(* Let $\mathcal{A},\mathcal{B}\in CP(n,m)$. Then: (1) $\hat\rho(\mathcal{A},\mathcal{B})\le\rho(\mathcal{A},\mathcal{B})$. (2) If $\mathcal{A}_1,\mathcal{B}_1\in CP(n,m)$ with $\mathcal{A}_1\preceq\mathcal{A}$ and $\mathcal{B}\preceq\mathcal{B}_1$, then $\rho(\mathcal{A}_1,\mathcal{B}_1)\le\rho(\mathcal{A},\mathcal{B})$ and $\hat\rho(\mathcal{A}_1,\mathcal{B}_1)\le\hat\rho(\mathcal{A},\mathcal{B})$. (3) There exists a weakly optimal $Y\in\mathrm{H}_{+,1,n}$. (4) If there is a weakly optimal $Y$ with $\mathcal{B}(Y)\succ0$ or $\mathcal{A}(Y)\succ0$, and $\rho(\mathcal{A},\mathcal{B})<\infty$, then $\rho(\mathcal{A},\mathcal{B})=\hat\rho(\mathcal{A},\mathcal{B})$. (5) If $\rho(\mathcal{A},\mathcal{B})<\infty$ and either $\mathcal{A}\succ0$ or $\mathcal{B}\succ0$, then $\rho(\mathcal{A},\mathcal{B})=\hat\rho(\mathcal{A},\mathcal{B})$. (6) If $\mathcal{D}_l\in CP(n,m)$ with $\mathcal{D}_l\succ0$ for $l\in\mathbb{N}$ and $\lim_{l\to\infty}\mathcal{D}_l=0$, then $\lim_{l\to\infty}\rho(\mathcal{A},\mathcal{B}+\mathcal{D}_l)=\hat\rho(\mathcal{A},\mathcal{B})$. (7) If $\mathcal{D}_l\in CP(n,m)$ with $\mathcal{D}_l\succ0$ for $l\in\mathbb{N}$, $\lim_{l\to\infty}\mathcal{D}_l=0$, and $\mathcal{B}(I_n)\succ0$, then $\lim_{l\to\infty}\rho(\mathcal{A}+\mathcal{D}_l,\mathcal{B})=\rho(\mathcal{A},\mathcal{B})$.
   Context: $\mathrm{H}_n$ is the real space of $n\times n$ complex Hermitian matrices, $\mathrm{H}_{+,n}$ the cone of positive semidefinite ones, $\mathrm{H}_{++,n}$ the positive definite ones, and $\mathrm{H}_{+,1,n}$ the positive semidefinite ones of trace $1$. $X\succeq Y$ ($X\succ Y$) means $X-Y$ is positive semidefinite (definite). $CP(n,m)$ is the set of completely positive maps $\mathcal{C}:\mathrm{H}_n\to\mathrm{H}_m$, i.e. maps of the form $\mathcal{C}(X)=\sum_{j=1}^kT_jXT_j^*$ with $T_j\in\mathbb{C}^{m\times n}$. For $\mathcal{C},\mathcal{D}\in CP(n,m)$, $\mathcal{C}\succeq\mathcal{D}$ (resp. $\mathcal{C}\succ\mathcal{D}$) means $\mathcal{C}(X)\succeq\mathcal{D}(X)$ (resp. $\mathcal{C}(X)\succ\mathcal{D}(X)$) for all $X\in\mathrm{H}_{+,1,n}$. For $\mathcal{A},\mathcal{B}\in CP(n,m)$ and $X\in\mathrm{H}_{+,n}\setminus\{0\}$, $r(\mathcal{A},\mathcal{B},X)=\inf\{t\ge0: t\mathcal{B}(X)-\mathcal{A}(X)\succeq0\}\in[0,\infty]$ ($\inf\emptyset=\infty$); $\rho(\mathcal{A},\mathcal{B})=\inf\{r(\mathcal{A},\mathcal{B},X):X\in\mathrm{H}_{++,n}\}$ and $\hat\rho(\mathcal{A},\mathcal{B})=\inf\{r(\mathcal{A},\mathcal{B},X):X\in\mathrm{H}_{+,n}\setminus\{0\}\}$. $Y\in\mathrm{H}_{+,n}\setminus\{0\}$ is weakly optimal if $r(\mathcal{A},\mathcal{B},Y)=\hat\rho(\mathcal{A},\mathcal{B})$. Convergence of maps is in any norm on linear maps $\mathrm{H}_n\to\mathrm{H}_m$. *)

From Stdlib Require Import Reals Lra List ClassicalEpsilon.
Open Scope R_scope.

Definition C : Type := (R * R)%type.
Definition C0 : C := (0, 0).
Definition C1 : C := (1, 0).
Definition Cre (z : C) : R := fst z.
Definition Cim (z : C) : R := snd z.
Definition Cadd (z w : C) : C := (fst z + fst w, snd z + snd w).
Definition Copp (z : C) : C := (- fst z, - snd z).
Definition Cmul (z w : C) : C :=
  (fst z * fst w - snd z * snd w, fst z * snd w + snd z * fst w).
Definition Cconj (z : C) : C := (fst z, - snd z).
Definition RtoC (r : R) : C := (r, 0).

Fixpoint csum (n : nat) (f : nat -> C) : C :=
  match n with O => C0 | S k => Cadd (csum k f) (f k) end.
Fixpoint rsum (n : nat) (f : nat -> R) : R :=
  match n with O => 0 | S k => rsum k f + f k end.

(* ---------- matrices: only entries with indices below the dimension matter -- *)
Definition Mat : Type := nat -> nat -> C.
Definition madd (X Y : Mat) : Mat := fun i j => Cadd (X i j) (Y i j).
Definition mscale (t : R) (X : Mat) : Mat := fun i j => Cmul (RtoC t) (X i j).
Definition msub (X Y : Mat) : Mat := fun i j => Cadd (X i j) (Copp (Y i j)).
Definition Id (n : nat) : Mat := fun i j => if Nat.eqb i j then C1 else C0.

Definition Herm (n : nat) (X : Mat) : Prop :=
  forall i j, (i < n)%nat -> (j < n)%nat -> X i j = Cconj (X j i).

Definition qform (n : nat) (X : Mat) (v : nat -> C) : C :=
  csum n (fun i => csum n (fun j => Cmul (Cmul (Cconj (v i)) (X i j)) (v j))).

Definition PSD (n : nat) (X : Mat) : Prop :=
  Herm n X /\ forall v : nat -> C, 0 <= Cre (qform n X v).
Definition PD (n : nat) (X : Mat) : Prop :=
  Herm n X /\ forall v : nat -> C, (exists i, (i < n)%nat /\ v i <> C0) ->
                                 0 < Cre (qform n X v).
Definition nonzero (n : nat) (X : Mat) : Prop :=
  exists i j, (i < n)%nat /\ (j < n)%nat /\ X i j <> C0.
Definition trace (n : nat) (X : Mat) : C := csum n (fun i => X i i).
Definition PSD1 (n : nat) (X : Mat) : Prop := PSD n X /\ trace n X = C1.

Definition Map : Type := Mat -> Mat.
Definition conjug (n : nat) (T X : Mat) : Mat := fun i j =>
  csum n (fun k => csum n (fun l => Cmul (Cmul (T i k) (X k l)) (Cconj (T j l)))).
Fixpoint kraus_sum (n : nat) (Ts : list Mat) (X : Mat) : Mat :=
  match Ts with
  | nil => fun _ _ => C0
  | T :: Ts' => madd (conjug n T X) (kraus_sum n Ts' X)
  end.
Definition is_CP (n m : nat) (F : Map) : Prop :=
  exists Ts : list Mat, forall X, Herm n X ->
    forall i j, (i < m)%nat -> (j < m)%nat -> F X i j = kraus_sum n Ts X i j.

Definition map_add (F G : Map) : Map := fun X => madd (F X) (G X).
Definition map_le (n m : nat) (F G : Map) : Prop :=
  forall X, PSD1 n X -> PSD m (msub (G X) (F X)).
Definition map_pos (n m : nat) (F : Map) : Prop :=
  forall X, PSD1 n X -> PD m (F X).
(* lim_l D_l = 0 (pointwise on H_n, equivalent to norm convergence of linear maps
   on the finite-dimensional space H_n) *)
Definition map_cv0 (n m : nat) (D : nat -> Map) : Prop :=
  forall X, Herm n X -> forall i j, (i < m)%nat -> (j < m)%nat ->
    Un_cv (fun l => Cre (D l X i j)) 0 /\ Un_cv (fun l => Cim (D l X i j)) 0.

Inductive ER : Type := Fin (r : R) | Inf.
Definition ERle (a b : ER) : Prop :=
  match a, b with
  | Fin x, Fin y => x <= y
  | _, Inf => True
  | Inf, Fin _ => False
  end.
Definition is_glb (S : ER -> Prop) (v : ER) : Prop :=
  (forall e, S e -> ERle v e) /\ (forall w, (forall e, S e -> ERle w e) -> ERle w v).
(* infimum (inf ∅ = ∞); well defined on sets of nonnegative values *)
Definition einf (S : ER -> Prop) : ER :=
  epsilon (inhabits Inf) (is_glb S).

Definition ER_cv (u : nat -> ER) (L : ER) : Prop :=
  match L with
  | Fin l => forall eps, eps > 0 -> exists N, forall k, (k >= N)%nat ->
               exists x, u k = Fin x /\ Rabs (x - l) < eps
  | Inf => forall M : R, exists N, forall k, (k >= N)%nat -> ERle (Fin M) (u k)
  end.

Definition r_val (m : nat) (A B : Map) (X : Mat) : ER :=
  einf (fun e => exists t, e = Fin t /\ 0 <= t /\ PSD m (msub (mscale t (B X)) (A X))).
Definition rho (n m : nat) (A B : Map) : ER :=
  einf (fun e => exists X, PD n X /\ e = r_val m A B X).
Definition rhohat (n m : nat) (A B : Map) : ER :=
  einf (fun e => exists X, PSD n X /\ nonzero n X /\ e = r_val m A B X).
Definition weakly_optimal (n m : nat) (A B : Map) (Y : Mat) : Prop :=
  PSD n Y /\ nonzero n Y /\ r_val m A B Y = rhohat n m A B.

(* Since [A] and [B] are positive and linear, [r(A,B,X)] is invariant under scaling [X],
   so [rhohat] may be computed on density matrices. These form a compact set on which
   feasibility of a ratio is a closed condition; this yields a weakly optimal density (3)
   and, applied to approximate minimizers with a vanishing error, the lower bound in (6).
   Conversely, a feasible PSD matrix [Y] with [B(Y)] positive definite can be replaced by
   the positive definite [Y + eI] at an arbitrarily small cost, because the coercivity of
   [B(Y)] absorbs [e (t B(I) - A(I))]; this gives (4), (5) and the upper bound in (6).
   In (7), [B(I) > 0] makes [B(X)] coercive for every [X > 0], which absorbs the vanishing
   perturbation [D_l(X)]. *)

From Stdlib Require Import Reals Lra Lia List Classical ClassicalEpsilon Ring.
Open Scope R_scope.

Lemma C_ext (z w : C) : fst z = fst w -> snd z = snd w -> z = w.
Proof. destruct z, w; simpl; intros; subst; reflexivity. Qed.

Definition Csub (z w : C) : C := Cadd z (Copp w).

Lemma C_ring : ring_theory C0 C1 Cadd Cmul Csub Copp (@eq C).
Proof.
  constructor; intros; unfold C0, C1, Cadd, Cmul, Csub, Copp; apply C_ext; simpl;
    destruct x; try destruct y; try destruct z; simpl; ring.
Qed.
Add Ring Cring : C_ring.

----

- Task directions
Copy out the range of lines above starting at the line with "Un_cv (fun l => Cre" and ending at the line with "match L with", exactly and including both.

- Result
    Un_cv (fun l => Cre (D l X i j)) 0 /\ Un_cv (fun l => Cim (D l X i j)) 0.

Inductive ER : Type := Fin (r : R) | Inf.
Definition ERle (a b : ER) : Prop :=
  match a, b with
  | Fin x, Fin y => x <= y
  | _, Inf => True
  | Inf, Fin _ => False
  end.
Definition is_glb (S : ER -> Prop) (v : ER) : Prop :=
  (forall e, S e -> ERle v e) /\ (forall w, (forall e, S e -> ERle w e) -> ERle w v).
(* infimum (inf ∅ = ∞); well defined on sets of nonnegative values *)
Definition einf (S : ER -> Prop) : ER :=
  epsilon (inhabits Inf) (is_glb S).

Definition ER_cv (u : nat -> ER) (L : ER) : Prop :=
  match L with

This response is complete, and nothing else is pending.